(Beginning of Provided records)

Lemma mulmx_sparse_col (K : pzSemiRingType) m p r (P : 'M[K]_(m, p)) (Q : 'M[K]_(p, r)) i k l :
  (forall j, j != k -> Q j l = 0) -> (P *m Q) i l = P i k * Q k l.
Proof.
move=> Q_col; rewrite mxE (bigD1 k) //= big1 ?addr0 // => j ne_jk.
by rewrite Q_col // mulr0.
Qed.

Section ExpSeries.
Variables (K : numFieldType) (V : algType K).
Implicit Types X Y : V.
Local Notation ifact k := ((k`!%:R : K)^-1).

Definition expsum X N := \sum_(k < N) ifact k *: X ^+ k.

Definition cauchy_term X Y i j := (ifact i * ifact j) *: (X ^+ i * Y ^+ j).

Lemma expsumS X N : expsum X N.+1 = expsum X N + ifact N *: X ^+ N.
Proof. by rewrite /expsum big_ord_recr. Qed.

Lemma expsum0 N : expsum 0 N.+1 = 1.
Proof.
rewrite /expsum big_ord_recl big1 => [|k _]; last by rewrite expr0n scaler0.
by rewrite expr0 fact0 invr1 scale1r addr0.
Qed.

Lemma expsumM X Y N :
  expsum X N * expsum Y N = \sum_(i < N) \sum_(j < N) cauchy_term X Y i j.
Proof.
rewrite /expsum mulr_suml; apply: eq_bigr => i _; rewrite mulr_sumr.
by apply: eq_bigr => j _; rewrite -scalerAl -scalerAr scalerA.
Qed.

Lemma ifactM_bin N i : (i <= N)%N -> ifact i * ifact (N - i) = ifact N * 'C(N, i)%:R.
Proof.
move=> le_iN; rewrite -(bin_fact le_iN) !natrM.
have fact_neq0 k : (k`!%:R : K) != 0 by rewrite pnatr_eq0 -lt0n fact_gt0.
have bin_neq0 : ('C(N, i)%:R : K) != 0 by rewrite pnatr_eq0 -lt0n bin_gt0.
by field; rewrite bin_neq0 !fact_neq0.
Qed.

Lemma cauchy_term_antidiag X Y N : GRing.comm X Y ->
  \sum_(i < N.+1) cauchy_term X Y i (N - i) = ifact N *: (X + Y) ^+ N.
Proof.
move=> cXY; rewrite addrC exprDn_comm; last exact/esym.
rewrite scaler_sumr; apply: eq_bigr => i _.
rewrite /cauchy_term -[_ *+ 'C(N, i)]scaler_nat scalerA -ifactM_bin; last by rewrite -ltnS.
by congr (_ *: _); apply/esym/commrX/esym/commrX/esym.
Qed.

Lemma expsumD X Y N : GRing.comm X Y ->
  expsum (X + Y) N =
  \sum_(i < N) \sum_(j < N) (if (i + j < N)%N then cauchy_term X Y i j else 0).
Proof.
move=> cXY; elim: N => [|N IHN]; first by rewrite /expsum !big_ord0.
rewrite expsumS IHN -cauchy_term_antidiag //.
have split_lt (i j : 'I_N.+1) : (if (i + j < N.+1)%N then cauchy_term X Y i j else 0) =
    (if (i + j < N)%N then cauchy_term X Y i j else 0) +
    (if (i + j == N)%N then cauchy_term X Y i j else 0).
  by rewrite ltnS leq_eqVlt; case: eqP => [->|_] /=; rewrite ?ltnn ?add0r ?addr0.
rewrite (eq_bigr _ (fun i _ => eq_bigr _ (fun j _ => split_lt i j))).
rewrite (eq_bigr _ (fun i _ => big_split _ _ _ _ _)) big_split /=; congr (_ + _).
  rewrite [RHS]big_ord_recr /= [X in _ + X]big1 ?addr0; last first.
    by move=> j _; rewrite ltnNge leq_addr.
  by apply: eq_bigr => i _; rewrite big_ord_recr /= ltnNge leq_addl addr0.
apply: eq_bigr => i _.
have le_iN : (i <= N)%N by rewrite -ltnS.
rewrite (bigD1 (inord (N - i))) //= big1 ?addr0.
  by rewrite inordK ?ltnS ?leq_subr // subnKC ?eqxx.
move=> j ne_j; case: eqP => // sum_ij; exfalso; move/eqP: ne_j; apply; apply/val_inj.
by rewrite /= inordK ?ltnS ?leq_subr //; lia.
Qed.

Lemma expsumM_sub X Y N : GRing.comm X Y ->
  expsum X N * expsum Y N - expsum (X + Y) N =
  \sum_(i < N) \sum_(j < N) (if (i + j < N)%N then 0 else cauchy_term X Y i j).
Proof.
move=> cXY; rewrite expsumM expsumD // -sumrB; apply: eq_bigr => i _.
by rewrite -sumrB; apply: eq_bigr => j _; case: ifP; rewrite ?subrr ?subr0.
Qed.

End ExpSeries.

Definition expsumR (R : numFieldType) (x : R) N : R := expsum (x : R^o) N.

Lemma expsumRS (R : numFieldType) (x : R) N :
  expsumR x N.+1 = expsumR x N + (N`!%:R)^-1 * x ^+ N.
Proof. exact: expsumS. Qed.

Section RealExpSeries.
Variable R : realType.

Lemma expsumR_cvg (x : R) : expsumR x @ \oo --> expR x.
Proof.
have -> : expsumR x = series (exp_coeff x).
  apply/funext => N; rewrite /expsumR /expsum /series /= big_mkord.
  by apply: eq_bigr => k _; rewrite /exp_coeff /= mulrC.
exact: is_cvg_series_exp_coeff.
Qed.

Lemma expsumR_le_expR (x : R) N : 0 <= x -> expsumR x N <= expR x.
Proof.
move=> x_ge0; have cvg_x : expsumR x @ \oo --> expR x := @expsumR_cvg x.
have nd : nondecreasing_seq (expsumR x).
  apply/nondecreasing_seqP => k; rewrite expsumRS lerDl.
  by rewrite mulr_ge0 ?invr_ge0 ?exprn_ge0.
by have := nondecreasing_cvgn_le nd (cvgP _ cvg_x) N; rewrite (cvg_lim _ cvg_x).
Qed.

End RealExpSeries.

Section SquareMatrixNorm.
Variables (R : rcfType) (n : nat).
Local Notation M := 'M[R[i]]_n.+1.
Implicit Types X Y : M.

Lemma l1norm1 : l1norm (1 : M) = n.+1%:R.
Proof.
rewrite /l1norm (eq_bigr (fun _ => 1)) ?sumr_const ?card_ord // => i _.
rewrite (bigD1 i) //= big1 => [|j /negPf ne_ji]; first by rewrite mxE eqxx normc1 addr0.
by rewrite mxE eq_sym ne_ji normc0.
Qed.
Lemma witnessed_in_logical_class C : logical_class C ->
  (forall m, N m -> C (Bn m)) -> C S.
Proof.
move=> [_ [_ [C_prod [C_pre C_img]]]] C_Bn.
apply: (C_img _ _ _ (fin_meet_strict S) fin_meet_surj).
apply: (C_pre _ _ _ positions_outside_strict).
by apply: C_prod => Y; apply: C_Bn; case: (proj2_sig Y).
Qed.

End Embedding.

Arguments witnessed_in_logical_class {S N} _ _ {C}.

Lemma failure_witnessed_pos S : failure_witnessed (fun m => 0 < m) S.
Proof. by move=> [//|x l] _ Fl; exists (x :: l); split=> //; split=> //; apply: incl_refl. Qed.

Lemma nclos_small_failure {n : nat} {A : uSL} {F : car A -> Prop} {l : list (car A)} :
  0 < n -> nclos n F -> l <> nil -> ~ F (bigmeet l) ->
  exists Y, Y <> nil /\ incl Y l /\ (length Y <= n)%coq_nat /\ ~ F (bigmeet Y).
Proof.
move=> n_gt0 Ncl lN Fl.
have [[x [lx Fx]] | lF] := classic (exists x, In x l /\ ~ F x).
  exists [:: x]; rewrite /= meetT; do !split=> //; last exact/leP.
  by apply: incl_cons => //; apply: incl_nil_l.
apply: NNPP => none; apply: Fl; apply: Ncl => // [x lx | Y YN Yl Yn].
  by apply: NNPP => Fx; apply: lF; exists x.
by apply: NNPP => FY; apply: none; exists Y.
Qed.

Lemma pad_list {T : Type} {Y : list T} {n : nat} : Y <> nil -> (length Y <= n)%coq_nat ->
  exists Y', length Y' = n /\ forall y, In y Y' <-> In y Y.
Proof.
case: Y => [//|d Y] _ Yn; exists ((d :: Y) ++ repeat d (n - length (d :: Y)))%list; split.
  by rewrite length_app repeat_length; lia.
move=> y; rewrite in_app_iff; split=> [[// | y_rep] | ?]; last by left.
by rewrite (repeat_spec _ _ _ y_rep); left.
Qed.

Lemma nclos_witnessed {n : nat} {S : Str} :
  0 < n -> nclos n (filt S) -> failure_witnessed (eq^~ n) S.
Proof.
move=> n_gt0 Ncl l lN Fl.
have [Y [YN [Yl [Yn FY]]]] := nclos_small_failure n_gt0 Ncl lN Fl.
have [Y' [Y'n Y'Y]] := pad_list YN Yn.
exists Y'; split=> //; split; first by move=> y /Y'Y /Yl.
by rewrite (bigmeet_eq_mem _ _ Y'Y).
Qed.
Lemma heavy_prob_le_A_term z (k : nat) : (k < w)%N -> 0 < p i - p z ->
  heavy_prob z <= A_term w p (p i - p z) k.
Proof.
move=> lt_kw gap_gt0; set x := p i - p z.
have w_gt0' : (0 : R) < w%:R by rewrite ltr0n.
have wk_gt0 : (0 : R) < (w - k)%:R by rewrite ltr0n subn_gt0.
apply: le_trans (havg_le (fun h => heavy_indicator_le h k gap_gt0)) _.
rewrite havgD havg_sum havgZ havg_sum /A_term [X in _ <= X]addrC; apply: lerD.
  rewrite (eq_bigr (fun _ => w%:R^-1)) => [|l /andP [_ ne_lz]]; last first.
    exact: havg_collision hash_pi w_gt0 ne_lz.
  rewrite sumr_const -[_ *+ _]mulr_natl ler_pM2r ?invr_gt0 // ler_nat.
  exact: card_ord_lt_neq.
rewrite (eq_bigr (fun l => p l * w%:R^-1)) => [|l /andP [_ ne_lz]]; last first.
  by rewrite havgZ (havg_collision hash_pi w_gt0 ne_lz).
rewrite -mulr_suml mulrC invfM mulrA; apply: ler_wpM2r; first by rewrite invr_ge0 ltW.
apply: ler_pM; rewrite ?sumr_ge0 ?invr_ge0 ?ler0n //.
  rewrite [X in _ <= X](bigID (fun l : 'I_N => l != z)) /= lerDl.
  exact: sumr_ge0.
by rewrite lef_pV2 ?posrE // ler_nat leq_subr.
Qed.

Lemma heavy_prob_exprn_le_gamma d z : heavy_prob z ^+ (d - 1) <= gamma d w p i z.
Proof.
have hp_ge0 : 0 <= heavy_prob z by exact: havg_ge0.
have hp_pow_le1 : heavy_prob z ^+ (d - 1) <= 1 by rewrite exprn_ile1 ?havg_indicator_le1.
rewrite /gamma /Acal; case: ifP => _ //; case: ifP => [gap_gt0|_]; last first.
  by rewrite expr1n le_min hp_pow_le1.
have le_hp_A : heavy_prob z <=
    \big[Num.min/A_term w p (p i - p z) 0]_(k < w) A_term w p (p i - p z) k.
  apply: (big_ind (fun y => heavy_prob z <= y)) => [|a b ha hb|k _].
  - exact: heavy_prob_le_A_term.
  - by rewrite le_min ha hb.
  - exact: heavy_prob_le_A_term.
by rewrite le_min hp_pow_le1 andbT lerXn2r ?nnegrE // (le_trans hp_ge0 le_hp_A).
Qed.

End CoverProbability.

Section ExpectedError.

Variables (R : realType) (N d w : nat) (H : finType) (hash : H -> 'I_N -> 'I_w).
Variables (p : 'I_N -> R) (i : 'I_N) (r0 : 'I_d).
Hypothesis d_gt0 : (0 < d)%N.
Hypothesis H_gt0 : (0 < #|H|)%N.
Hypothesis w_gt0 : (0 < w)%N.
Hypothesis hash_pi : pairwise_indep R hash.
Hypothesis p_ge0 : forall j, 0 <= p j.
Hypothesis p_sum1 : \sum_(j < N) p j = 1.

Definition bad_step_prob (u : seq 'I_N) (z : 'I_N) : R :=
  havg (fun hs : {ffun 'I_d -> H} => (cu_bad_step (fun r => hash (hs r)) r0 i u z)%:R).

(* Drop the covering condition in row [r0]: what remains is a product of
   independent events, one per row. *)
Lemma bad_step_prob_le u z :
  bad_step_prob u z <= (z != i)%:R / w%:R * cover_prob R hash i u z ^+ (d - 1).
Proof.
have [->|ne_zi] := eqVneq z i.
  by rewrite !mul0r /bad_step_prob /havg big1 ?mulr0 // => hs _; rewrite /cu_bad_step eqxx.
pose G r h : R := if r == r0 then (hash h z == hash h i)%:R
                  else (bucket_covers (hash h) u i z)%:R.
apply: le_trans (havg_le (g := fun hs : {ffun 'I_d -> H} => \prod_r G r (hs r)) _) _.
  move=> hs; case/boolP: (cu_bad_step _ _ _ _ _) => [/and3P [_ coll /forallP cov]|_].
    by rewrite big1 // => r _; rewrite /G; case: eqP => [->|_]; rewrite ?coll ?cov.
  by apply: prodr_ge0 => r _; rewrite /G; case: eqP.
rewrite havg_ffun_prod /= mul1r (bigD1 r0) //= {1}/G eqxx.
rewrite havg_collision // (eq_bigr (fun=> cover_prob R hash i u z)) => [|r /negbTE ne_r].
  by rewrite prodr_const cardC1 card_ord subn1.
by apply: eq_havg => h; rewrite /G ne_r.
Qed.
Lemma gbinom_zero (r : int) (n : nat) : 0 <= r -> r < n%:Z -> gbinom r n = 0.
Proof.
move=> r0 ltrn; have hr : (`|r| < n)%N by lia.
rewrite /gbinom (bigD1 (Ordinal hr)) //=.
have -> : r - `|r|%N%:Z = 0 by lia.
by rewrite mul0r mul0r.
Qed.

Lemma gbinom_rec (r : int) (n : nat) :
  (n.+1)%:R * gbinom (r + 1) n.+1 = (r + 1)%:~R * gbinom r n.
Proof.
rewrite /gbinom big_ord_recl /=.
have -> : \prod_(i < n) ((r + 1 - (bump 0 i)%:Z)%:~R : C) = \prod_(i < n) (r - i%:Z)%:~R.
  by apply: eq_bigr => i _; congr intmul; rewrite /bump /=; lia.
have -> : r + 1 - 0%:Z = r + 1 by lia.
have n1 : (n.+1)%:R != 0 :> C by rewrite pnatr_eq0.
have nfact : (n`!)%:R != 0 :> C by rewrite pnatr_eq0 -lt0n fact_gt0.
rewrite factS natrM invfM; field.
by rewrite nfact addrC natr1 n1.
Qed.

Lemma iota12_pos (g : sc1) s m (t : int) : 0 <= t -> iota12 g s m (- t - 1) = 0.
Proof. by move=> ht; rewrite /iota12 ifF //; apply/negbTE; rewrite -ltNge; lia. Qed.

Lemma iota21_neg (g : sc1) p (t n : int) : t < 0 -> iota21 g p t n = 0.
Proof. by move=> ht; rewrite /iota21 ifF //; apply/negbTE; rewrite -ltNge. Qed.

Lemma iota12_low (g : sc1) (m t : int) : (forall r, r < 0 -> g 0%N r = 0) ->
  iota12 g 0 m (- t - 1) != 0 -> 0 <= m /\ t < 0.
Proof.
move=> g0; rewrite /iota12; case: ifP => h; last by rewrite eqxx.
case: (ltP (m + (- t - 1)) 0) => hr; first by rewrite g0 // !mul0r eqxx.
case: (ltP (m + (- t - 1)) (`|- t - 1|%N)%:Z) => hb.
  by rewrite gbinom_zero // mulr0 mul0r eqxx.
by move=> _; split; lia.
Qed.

(End of Provided records)

Look through the data and gather every line with the string "Local" in it.

Local Notation ifact k := ((k`!%:R : K)^-1).
Local Notation M := 'M[R[i]]_n.+1.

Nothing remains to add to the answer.